==== Materials provided

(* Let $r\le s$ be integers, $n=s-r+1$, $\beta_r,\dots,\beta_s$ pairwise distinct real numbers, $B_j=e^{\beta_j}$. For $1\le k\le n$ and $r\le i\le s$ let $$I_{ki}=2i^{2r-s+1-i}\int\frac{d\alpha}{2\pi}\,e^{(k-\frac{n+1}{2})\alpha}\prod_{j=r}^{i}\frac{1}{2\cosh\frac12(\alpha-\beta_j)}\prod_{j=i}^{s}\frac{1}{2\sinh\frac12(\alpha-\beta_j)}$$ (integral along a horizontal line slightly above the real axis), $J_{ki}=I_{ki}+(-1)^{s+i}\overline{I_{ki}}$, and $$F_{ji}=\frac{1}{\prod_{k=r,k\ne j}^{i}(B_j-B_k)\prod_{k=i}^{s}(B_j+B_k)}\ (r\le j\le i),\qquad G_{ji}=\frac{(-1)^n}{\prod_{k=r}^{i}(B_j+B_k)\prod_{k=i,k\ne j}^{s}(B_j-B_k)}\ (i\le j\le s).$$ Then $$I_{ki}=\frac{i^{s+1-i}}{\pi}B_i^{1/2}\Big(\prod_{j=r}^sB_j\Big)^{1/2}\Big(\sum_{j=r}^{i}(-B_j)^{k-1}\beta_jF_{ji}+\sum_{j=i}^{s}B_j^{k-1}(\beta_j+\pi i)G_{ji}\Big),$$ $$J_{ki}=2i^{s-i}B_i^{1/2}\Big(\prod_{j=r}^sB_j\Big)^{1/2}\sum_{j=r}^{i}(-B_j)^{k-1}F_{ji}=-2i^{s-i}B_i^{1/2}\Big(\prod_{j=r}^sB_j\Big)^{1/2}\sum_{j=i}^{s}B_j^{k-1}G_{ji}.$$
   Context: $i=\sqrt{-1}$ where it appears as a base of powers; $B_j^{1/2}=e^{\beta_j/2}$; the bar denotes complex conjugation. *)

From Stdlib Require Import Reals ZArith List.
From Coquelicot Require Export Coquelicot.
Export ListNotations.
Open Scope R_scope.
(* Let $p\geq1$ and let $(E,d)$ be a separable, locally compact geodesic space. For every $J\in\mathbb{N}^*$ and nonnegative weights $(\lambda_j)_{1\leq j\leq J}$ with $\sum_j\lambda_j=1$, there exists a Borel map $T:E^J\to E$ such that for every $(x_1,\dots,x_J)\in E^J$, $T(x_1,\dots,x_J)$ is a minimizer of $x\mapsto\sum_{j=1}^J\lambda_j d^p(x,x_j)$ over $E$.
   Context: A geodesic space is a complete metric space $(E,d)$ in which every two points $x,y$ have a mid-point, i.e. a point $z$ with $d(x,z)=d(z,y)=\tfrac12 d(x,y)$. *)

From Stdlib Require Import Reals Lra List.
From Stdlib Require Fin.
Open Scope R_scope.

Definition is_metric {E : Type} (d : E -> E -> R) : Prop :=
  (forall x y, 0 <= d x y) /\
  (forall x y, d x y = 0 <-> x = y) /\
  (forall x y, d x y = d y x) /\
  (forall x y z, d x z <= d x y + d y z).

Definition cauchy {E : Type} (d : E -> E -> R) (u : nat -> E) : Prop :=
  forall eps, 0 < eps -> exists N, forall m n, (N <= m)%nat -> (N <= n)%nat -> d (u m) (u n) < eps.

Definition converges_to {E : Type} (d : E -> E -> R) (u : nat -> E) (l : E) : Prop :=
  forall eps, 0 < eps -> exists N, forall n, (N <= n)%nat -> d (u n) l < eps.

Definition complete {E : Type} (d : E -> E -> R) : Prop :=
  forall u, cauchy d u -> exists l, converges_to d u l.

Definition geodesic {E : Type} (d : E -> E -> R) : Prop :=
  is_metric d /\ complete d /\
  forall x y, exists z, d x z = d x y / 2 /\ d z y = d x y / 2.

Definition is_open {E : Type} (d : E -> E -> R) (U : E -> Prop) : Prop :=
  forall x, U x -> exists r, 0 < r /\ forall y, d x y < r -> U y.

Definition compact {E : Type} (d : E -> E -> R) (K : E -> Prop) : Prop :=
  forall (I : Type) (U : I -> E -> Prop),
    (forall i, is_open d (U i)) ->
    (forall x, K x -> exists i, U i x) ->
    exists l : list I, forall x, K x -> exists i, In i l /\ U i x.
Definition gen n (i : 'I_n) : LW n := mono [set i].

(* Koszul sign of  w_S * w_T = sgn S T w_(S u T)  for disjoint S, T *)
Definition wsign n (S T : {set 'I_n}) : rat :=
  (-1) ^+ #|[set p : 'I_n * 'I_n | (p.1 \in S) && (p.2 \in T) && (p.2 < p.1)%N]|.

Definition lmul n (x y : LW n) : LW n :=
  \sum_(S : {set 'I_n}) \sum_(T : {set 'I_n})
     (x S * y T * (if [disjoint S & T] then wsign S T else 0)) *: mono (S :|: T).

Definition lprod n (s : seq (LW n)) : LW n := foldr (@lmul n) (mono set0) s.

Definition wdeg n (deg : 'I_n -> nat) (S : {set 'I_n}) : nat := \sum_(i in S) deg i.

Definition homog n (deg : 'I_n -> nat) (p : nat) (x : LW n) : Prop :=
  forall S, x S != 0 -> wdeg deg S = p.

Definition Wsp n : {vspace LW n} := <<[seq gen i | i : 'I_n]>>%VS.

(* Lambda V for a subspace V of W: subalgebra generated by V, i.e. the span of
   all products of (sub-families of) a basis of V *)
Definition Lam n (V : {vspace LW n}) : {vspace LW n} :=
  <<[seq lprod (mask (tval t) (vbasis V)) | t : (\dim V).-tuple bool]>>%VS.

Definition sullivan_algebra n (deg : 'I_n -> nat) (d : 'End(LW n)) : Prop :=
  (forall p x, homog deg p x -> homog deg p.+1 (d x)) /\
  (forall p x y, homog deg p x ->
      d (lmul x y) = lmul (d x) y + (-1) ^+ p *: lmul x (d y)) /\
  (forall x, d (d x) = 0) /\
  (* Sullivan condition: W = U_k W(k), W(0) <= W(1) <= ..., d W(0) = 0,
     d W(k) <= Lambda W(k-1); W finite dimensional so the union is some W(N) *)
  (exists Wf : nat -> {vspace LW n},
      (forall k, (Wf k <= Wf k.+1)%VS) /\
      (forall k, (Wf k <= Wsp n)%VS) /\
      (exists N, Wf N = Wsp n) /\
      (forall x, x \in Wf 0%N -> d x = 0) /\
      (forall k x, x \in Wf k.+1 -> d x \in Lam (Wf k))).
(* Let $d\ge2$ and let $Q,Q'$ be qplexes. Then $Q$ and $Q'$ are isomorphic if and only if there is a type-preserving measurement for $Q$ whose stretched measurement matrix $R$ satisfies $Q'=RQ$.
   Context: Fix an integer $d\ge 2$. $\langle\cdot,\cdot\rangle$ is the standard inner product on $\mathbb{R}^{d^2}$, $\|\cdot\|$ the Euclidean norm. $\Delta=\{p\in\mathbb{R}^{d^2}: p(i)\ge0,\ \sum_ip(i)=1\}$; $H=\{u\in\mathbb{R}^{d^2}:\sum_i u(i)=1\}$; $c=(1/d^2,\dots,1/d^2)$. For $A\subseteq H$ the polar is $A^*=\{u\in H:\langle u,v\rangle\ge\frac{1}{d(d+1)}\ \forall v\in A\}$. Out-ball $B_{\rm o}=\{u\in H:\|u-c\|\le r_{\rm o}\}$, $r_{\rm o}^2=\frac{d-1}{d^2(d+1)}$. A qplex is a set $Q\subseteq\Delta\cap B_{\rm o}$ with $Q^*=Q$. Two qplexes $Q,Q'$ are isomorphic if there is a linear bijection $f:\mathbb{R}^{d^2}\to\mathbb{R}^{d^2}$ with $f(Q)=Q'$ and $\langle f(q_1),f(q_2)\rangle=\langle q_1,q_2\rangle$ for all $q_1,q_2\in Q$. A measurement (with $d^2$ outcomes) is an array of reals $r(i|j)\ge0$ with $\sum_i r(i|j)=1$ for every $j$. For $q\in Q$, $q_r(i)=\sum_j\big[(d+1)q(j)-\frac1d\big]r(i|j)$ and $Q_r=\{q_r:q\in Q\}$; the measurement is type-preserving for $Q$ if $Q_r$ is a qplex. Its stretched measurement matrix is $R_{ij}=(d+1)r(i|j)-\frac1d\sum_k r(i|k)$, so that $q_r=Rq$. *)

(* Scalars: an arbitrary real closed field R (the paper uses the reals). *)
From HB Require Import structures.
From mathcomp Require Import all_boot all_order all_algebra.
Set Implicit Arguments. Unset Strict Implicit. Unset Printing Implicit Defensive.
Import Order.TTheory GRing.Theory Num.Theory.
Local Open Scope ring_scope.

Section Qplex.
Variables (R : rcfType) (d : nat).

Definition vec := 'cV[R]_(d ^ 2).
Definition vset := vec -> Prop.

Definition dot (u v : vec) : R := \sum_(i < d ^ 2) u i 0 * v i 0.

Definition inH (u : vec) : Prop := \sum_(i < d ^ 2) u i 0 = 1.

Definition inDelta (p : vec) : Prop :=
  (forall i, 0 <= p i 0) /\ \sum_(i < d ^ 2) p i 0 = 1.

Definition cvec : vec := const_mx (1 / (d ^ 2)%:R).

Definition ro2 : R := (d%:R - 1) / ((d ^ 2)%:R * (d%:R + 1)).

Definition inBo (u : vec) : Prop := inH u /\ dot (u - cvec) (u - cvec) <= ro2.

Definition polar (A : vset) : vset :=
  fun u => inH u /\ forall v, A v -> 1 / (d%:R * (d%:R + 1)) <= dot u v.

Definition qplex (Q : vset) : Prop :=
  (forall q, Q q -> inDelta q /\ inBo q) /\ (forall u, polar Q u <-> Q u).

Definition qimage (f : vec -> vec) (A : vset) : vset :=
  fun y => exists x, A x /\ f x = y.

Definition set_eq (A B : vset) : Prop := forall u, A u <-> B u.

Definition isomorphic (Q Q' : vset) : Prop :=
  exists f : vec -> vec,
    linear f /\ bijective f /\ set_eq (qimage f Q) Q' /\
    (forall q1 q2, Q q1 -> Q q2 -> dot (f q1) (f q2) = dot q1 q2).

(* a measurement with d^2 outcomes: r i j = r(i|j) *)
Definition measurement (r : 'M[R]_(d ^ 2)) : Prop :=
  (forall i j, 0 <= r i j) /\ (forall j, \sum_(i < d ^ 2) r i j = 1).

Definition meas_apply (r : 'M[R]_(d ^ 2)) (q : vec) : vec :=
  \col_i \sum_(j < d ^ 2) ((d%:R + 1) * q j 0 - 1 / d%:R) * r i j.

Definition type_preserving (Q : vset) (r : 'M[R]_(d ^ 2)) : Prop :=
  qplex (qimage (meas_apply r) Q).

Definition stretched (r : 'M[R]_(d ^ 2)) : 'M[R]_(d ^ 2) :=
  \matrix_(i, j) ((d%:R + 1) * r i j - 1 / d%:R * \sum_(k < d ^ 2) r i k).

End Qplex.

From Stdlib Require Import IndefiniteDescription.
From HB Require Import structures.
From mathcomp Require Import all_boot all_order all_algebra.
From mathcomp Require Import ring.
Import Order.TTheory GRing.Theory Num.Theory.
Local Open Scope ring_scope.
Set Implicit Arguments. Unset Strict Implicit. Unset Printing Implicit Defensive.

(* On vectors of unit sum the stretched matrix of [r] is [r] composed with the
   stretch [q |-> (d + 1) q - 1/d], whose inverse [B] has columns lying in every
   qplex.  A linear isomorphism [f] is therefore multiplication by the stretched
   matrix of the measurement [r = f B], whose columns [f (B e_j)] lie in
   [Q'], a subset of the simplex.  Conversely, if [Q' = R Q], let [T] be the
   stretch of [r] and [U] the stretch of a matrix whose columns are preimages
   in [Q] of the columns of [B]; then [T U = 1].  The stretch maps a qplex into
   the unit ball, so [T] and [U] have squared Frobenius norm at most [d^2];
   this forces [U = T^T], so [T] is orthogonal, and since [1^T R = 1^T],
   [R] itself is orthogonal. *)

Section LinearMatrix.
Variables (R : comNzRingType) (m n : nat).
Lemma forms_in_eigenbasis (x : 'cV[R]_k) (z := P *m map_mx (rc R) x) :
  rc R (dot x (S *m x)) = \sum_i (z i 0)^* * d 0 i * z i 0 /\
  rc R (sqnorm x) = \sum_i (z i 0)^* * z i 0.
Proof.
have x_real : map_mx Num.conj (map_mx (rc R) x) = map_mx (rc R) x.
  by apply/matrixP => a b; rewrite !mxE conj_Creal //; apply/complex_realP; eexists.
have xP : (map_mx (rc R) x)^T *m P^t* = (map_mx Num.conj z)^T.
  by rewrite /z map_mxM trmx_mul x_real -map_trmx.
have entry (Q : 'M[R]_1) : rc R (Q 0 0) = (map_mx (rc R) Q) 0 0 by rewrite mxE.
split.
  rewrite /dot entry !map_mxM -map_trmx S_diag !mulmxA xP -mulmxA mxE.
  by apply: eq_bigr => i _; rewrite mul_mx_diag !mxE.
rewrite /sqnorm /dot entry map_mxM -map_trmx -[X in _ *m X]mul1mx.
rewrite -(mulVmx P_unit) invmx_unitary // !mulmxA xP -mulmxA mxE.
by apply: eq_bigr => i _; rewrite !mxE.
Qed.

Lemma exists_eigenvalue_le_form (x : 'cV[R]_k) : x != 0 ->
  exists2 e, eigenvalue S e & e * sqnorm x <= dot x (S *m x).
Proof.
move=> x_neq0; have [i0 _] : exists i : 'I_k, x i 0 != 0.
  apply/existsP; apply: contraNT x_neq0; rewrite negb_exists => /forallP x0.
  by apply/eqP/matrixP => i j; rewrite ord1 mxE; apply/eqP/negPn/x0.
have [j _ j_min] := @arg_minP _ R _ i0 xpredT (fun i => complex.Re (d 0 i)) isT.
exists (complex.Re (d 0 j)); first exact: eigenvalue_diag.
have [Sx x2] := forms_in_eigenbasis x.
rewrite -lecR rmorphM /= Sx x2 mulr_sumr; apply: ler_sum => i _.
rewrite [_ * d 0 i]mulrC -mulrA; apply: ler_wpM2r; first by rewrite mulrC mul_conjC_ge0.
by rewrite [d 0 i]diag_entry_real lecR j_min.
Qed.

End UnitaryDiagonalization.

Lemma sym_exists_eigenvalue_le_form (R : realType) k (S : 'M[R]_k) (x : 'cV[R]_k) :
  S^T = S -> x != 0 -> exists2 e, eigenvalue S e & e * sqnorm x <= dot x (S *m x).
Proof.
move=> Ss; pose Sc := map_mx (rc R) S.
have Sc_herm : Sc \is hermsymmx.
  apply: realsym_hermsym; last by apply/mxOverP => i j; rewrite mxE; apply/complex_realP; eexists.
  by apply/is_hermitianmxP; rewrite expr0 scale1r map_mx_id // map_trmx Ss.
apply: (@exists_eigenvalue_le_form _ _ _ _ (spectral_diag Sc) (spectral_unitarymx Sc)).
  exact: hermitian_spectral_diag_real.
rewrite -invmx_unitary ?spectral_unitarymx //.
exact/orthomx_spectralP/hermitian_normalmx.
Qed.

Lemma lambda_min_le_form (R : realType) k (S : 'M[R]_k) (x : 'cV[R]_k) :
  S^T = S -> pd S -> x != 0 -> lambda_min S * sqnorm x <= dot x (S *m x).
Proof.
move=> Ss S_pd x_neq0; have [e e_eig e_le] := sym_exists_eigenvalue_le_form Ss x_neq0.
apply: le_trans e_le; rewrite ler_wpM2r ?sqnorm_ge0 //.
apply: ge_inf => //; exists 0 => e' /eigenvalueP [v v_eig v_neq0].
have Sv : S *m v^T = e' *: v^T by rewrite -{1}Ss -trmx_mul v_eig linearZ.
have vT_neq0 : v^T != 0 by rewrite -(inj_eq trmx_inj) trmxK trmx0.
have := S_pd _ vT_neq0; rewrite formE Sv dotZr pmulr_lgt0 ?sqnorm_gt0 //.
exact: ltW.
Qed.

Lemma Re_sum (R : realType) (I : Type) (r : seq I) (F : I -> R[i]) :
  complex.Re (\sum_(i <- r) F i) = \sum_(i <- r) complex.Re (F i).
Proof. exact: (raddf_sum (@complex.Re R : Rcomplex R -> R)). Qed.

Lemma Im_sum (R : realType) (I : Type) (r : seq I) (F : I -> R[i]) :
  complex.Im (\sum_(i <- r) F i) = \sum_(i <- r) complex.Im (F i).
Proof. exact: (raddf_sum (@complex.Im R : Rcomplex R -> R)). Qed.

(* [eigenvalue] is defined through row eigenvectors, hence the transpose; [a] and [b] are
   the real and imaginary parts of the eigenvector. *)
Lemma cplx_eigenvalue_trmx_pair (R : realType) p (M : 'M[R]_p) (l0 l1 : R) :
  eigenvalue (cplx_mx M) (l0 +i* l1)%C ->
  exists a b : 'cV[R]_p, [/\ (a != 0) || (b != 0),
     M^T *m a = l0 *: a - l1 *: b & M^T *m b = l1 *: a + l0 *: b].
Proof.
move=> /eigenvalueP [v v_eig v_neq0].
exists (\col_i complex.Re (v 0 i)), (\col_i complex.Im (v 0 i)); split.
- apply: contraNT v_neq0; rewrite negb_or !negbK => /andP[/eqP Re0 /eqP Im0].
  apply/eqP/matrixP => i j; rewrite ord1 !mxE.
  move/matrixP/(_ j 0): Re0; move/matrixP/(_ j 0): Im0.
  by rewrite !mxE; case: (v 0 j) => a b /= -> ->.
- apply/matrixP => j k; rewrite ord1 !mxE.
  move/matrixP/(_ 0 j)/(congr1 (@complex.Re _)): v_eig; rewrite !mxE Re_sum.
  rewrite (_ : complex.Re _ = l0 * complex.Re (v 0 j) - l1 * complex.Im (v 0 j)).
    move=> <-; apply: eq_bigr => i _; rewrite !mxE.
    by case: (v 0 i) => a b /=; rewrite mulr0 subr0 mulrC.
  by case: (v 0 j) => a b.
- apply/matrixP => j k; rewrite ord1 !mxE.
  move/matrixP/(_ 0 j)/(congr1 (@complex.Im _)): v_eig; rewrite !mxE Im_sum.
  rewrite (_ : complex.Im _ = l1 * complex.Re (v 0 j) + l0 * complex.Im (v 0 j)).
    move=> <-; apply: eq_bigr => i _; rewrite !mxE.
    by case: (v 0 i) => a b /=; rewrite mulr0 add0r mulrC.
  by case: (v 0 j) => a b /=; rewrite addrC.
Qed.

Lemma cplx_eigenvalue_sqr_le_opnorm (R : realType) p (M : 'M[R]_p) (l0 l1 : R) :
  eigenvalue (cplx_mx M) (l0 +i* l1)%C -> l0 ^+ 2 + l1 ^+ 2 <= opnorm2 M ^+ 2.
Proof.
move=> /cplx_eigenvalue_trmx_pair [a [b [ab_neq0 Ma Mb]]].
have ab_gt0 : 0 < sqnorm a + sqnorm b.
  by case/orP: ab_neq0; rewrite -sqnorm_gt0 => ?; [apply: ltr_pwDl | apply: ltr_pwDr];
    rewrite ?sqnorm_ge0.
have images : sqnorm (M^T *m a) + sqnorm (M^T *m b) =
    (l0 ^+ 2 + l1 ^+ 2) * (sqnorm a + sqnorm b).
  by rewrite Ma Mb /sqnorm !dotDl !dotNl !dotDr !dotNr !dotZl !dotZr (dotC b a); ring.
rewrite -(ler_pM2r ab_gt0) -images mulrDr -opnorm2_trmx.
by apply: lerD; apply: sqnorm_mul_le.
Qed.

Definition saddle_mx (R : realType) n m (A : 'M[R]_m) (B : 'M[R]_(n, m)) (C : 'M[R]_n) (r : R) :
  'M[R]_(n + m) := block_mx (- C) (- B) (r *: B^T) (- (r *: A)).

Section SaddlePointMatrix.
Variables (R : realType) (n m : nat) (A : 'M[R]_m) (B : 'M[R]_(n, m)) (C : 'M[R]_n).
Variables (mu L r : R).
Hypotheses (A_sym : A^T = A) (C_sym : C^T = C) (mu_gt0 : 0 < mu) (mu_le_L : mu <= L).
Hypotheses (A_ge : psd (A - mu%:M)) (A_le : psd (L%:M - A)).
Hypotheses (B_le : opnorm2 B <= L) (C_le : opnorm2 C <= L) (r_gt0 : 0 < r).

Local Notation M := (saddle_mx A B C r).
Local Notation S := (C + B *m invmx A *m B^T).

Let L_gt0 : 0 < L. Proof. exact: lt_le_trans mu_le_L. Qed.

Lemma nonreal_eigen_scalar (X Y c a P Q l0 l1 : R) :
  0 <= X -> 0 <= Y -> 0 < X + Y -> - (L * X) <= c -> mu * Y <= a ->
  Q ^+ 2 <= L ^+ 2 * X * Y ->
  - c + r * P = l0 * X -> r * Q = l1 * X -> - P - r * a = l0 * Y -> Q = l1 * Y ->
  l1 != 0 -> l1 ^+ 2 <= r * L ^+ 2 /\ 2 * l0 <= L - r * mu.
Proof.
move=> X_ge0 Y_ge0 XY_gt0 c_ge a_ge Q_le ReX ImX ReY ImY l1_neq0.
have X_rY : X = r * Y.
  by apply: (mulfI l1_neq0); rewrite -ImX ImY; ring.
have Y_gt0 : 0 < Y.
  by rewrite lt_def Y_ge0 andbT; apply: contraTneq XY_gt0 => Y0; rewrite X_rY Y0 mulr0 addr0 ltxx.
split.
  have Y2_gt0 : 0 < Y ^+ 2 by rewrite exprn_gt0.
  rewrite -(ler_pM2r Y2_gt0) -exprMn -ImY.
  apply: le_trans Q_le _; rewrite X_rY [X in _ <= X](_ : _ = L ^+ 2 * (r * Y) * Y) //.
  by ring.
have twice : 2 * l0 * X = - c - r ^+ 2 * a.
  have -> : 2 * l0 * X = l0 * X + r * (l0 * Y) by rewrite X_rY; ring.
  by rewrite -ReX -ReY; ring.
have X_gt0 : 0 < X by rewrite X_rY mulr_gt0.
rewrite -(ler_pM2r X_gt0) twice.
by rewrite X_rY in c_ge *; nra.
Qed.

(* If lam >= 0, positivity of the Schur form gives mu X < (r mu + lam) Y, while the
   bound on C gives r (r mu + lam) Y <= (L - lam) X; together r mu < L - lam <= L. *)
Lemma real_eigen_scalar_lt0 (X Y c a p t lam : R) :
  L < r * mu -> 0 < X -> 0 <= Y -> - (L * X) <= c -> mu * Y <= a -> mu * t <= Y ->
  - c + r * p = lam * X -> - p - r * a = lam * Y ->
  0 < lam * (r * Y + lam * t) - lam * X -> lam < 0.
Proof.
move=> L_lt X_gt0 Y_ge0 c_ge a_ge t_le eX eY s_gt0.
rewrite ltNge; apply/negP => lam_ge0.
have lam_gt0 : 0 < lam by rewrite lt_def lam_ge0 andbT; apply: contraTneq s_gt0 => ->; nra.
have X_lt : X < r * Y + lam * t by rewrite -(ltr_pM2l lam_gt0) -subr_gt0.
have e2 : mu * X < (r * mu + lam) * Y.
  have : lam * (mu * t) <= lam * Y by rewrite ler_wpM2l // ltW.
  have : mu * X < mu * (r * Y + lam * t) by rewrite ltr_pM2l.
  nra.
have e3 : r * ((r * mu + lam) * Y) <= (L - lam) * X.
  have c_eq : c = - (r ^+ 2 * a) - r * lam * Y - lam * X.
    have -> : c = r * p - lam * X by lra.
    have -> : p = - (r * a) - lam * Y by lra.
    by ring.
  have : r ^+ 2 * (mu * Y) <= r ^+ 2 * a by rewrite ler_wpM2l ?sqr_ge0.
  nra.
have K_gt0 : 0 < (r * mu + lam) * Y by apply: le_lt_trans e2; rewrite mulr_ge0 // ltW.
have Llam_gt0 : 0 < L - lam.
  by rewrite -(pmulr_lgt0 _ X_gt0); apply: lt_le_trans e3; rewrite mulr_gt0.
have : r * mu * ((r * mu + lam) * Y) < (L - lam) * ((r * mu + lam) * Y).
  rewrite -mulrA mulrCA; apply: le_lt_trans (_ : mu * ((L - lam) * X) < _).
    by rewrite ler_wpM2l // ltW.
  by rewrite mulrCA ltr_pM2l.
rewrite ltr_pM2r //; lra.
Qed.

========

# What is being asked:
The reply should consist solely of the lines above from the one that has "this forces [U" through the one that has "apply: realsym_hermsym; last", reproduced exactly.

# Solution:
   this forces [U = T^T], so [T] is orthogonal, and since [1^T R = 1^T],
   [R] itself is orthogonal. *)

Section LinearMatrix.
Variables (R : comNzRingType) (m n : nat).
Lemma forms_in_eigenbasis (x : 'cV[R]_k) (z := P *m map_mx (rc R) x) :
  rc R (dot x (S *m x)) = \sum_i (z i 0)^* * d 0 i * z i 0 /\
  rc R (sqnorm x) = \sum_i (z i 0)^* * z i 0.
Proof.
have x_real : map_mx Num.conj (map_mx (rc R) x) = map_mx (rc R) x.
  by apply/matrixP => a b; rewrite !mxE conj_Creal //; apply/complex_realP; eexists.
have xP : (map_mx (rc R) x)^T *m P^t* = (map_mx Num.conj z)^T.
  by rewrite /z map_mxM trmx_mul x_real -map_trmx.
have entry (Q : 'M[R]_1) : rc R (Q 0 0) = (map_mx (rc R) Q) 0 0 by rewrite mxE.
split.
  rewrite /dot entry !map_mxM -map_trmx S_diag !mulmxA xP -mulmxA mxE.
  by apply: eq_bigr => i _; rewrite mul_mx_diag !mxE.
rewrite /sqnorm /dot entry map_mxM -map_trmx -[X in _ *m X]mul1mx.
rewrite -(mulVmx P_unit) invmx_unitary // !mulmxA xP -mulmxA mxE.
by apply: eq_bigr => i _; rewrite !mxE.
Qed.

Lemma exists_eigenvalue_le_form (x : 'cV[R]_k) : x != 0 ->
  exists2 e, eigenvalue S e & e * sqnorm x <= dot x (S *m x).
Proof.
move=> x_neq0; have [i0 _] : exists i : 'I_k, x i 0 != 0.
  apply/existsP; apply: contraNT x_neq0; rewrite negb_exists => /forallP x0.
  by apply/eqP/matrixP => i j; rewrite ord1 mxE; apply/eqP/negPn/x0.
have [j _ j_min] := @arg_minP _ R _ i0 xpredT (fun i => complex.Re (d 0 i)) isT.
exists (complex.Re (d 0 j)); first exact: eigenvalue_diag.
have [Sx x2] := forms_in_eigenbasis x.
rewrite -lecR rmorphM /= Sx x2 mulr_sumr; apply: ler_sum => i _.
rewrite [_ * d 0 i]mulrC -mulrA; apply: ler_wpM2r; first by rewrite mulrC mul_conjC_ge0.
by rewrite [d 0 i]diag_entry_real lecR j_min.
Qed.

End UnitaryDiagonalization.

Lemma sym_exists_eigenvalue_le_form (R : realType) k (S : 'M[R]_k) (x : 'cV[R]_k) :
  S^T = S -> x != 0 -> exists2 e, eigenvalue S e & e * sqnorm x <= dot x (S *m x).
Proof.
move=> Ss; pose Sc := map_mx (rc R) S.
have Sc_herm : Sc \is hermsymmx.
  apply: realsym_hermsym; last by apply/mxOverP => i j; rewrite mxE; apply/complex_realP; eexists.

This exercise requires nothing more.